* _DATASET RECORDS_
(* Let $\Gamma\triangleright W$ be a well-formed CCCP configuration and $c$ a channel, and let $\mathit{eureka},\mathit{fail}$ be channels that do not occur free in $W$ and are idle in $\Gamma$; let $\mathit{arb},\mathit{no}$ be closed values with $\delta_{\mathit{arb}}=\delta_{\mathit{no}}=1$. Define $T_{\iota(c)}=([\mathrm{exp}(c)]\,\mathbf 0,\ \mathit{eureka}!\langle\mathit{arb}\rangle.\mathbf 0)+\mathit{fail}!\langle\mathit{no}\rangle.\mathbf 0$ (a conditional whose then-branch is $\mathbf 0$ and else-branch is $\mathit{eureka}!\langle\mathit{arb}\rangle.\mathbf 0$, in choice with $\mathit{fail}!\langle\mathit{no}\rangle.\mathbf 0$) and $T^{\checkmark}_{\iota(c)}=\sigma.\mathit{eureka}!\langle\mathit{arb}\rangle.\mathbf 0$. Then $\Gamma\triangleright W\overset{\iota(c)}{\Rightarrow}\Gamma'\triangleright W'$ if and only if $\Gamma\triangleright W|T_{\iota(c)}\to_i^*\Gamma'\triangleright W'|T^{\checkmark}_{\iota(c)}$.
   Context: CCCP syntax. Fix a set of channels (ranged over by $c,d$) and a set of values containing data variables $x,y$ and a special error value $\mathtt{err}$; closed values $v,w$ contain no variables, and each closed value $v$ has a transmission time $\delta_v\in\mathbb{N}$ with $\delta_v\ge 1$. Expressions $e$ are built from values; closed expressions evaluate to closed values via $[\![e]\!]$. Station code (processes) is given by $P,Q ::= c!\langle e\rangle.P \mid \lfloor ?c(x).P\rfloor Q \mid \sigma.P \mid \tau.P \mid P+Q \mid [b]P,Q \mid X \mid \mathbf{0} \mid \mathrm{fix}\,X.P$, where $b$ is either $e_1=e_2$ or $\mathrm{exp}(c)$, $[b]P,Q$ is a conditional (then-branch $P$, else-branch $Q$), $\lfloor ?c(x).P\rfloor Q$ is a receiver on $c$ with timeout branch $Q$ ($x$ bound in $P$), $\sigma.P$ is a one-unit delay and $\sigma^n.P$ denotes $n$ nested delays. System terms are $W ::= P \mid \lfloor ?c(x).P\rfloor \mid W_1|W_2 \mid \nu c{:}(n,v).W$, where $\lfloor ?c(x).P\rfloor$ is an active receiver ($x$ bound in $P$) and $\nu c{:}(n,v).W$ restricts $c$ with local channel state $(n,v)$. In $\mathrm{fix}\,X.P$ every occurrence of $X$ in $P$ is guarded, i.e. lies within a broadcast prefix, a receiver continuation, a timeout branch, a $\sigma$-prefix, or a branch of a conditional. Terms are identified up to $\alpha$-conversion. A channel environment is a map $\Gamma$ from channels to $\mathbb{N}\times$(closed values); write $\Gamma\vdash_t c:n$ and $\Gamma\vdash_v c:w$ when $\Gamma(c)=(n,w)$; $c$ is idle in $\Gamma$ if $\Gamma\vdash_t c:0$ and exposed otherwise; $\Gamma[c\mapsto(n,v)]$ is $\Gamma$ updated at $c$; $\Gamma\le\Gamma'$ iff for every $c$, $\Gamma\vdash_t c:n$ and $\Gamma'\vdash_t c:m$ imply $n\le m$. A configuration $\Gamma\triangleright W$ is a channel environment together with a closed system term (no free data or process variables). Intensional semantics. Actions $\lambda$ are $c!v$, $c?v$, $\sigma$, $\tau$. The environment update $\lambda(\Gamma)$ is: $\sigma(\Gamma)(c)=(\max(n-1,0),w)$ whenever $\Gamma(c)=(n,w)$; $c!v(\Gamma)$ agrees with $\Gamma$ except at $c$, where it is $(\delta_v,v)$ if $c$ is idle in $\Gamma$ and $(\max(\delta_v,n),\mathtt{err})$ if $\Gamma\vdash_t c:n>0$; $c?v(\Gamma)=c!v(\Gamma)$; $\tau(\Gamma)=\Gamma$. The predicate $\mathrm{rcv}(W,c)$ on terms is: true for $\lfloor ?d(x).P\rfloor Q$ iff $d=c$; $\mathrm{rcv}(P+Q,c)=\mathrm{rcv}(P,c)\vee\mathrm{rcv}(Q,c)$; $\mathrm{rcv}(\mathrm{fix}\,X.P,c)=\mathrm{rcv}(P,c)$; $\mathrm{rcv}(W_1|W_2,c)=\mathrm{rcv}(W_1,c)\vee\mathrm{rcv}(W_2,c)$; $\mathrm{rcv}(\nu d{:}(n,v).W,c)=\mathrm{rcv}(W,c)$ (with $d\neq c$ by $\alpha$-conversion); false for all other forms (broadcasts, $\tau.P$, $\sigma.P$, conditionals, $X$, $\mathbf 0$, active receivers). Then $\mathrm{rcv}(\Gamma\triangleright W,c)$ holds iff $c$ is idle in $\Gamma$ and $\mathrm{rcv}(W,c)$. Transitions $\Gamma\triangleright W\xrightarrow{\lambda}W'$ are the least relation closed under: (Snd) $[\![e]\!]=v$ implies $\Gamma\triangleright c!\langle e\rangle.P\xrightarrow{c!v}\sigma^{\delta_v}.P$; (Rcv) $c$ idle in $\Gamma$ implies $\Gamma\triangleright\lfloor ?c(x).P\rfloor Q\xrightarrow{c?v}\lfloor ?c(x).P\rfloor$; (RcvIgn) $\neg\mathrm{rcv}(\Gamma\triangleright W,c)$ implies $\Gamma\triangleright W\xrightarrow{c?v}W$; (Sync) $\Gamma\triangleright W_1\xrightarrow{c!v}W_1'$ and $\Gamma\triangleright W_2\xrightarrow{c?v}W_2'$ imply $\Gamma\triangleright W_1|W_2\xrightarrow{c!v}W_1'|W_2'$, and symmetrically; (RcvPar) $\Gamma\triangleright W_i\xrightarrow{c?v}W_i'$ for $i=1,2$ imply $\Gamma\triangleright W_1|W_2\xrightarrow{c?v}W_1'|W_2'$; (TimeNil) $\Gamma\triangleright\mathbf 0\xrightarrow{\sigma}\mathbf 0$; (Sleep) $\Gamma\triangleright\sigma.P\xrightarrow{\sigma}P$; (ActRcv) $\Gamma\vdash_t c:n$, $n>1$ imply $\Gamma\triangleright\lfloor ?c(x).P\rfloor\xrightarrow{\sigma}\lfloor ?c(x).P\rfloor$; (EndRcv) $\Gamma\vdash_t c:1$, $\Gamma\vdash_v c:w$ imply $\Gamma\triangleright\lfloor ?c(x).P\rfloor\xrightarrow{\sigma}\{w/x\}P$; (Timeout) $c$ idle in $\Gamma$ implies $\Gamma\triangleright\lfloor ?c(x).P\rfloor Q\xrightarrow{\sigma}Q$; (RcvLate) $c$ exposed in $\Gamma$ implies $\Gamma\triangleright\lfloor ?c(x).P\rfloor Q\xrightarrow{\tau}\lfloor ?c(x).\{\mathtt{err}/x\}P\rfloor$; (Tau) $\Gamma\triangleright\tau.P\xrightarrow{\tau}P$; (Then)/(Else) $\Gamma\triangleright[b]P,Q\xrightarrow{\tau}\sigma.P$ if $[\![b]\!]_\Gamma$ is true and $\xrightarrow{\tau}\sigma.Q$ otherwise, where $[\![e_1=e_2]\!]_\Gamma$ is true iff $[\![e_1]\!]=[\![e_2]\!]$ and $[\![\mathrm{exp}(c)]\!]_\Gamma$ is true iff $c$ is exposed in $\Gamma$; (TimePar) $\Gamma\triangleright W_i\xrightarrow{\sigma}W_i'$ for $i=1,2$ imply $\Gamma\triangleright W_1|W_2\xrightarrow{\sigma}W_1'|W_2'$; (TauPar) $\Gamma\triangleright W_1\xrightarrow{\tau}W_1'$ implies $\Gamma\triangleright W_1|W_2\xrightarrow{\tau}W_1'|W_2$, and symmetrically; (Rec) $\Gamma\triangleright\{\mathrm{fix}\,X.P/X\}P\xrightarrow{\lambda}W$ implies $\Gamma\triangleright\mathrm{fix}\,X.P\xrightarrow{\lambda}W$; (Sum) for $\lambda\in\{\tau,c!v\}$, $\Gamma\triangleright P\xrightarrow{\lambda}W$ implies $\Gamma\triangleright P+Q\xrightarrow{\lambda}W$, and symmetrically; (SumTime) $\Gamma\triangleright P\xrightarrow{\sigma}P'$, $\Gamma\triangleright Q\xrightarrow{\sigma}Q'$ imply $\Gamma\triangleright P+Q\xrightarrow{\sigma}P'+Q'$; (SumRcv) $\Gamma\triangleright P\xrightarrow{c?v}W$ and $\mathrm{rcv}(\Gamma\triangleright P,c)$ imply $\Gamma\triangleright P+Q\xrightarrow{c?v}W$, and symmetrically; (ResI) $\Gamma[c\mapsto(n,v)]\triangleright W\xrightarrow{c!w}W'$ implies $\Gamma\triangleright\nu c{:}(n,v).W\xrightarrow{\tau}\nu c{:}(c!w(\Gamma[c\mapsto(n,v)]))(c).W'$; (ResV) $\Gamma[c\mapsto(n,v)]\triangleright W\xrightarrow{\lambda}W'$ with $c$ not occurring in $\lambda$ implies $\Gamma\triangleright\nu c{:}(n,v).W\xrightarrow{\lambda}\nu c{:}(\lambda(\Gamma[c\mapsto(n,v)]))(c).W'$. Reductions. $\Gamma\triangleright W\to\Gamma'\triangleright W'$ iff $\Gamma\triangleright W\xrightarrow{\lambda}W'$ for some $\lambda\in\{c!v,\sigma,\tau\}$ and $\Gamma'=\lambda(\Gamma)$; it is instantaneous ($\to_i$) if $\lambda\neq\sigma$ and timed ($\to_\sigma$) if $\lambda=\sigma$. Extensional semantics. Extensional actions $\alpha\in\{c?v,\sigma,\tau,\gamma(c,v),\iota(c)\}$ between configurations are given by: (Input) $\Gamma\triangleright W\xrightarrow{c?v}W'$ implies $\Gamma\triangleright W\overset{c?v}{\rightarrowtail}c?v(\Gamma)\triangleright W'$; (Time) $\Gamma\triangleright W\xrightarrow{\sigma}W'$ implies $\Gamma\triangleright W\overset{\sigma}{\rightarrowtail}\sigma(\Gamma)\triangleright W'$; (Shh) $\Gamma\triangleright W\xrightarrow{c!v}W'$ implies $\Gamma\triangleright W\overset{\tau}{\rightarrowtail}c!v(\Gamma)\triangleright W'$; (TauExt) $\Gamma\triangleright W\xrightarrow{\tau}W'$ implies $\Gamma\triangleright W\overset{\tau}{\rightarrowtail}\Gamma\triangleright W'$; (Deliver) $\Gamma(c)=(1,v)$ and $\Gamma\triangleright W\xrightarrow{\sigma}W'$ imply $\Gamma\triangleright W\overset{\gamma(c,v)}{\rightarrowtail}\sigma(\Gamma)\triangleright W'$; (Idle) $c$ idle in $\Gamma$ implies $\Gamma\triangleright W\overset{\iota(c)}{\rightarrowtail}\Gamma\triangleright W$. Weak actions: $\Rightarrow$ is the reflexive-transitive closure of $\overset{\tau}{\rightarrowtail}$; $\overset{\alpha}{\Rightarrow}$ is $\Rightarrow\overset{\alpha}{\rightarrowtail}\Rightarrow$. Well-formedness. The set of well-formed configurations is the least set such that: $\Gamma\triangleright P$ is well-formed for every closed process $P$; $\Gamma\triangleright\lfloor ?c(x).P\rfloor$ is well-formed whenever $c$ is exposed in $\Gamma$; $\Gamma\triangleright W_1|W_2$ is well-formed whenever $\Gamma\triangleright W_1$ and $\Gamma\triangleright W_2$ are; $\Gamma\triangleright\nu c{:}(n,v).W$ is well-formed whenever $\Gamma[c\mapsto(n,v)]\triangleright W$ is. *)

(* Syntax and semantics of CCCP.
   - closed values: an abstract type [val] with an error value [err] and a
     transmission-time function [delta];
   - data variables and process variables: de Bruijn indices;
   - channels: locally nameless (free names [CF a], a : nat; bound [CB i]),
     so that terms are identified up to alpha-conversion syntactically. *)
From Stdlib Require Import List Arith Relations.
Import ListNotations.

* _TASK REQUIREMENTS_
Where in the listing does the string "Import" appear? Copy every line that has it.

* _ANSWER_
From Stdlib Require Import List Arith Relations.
Import ListNotations.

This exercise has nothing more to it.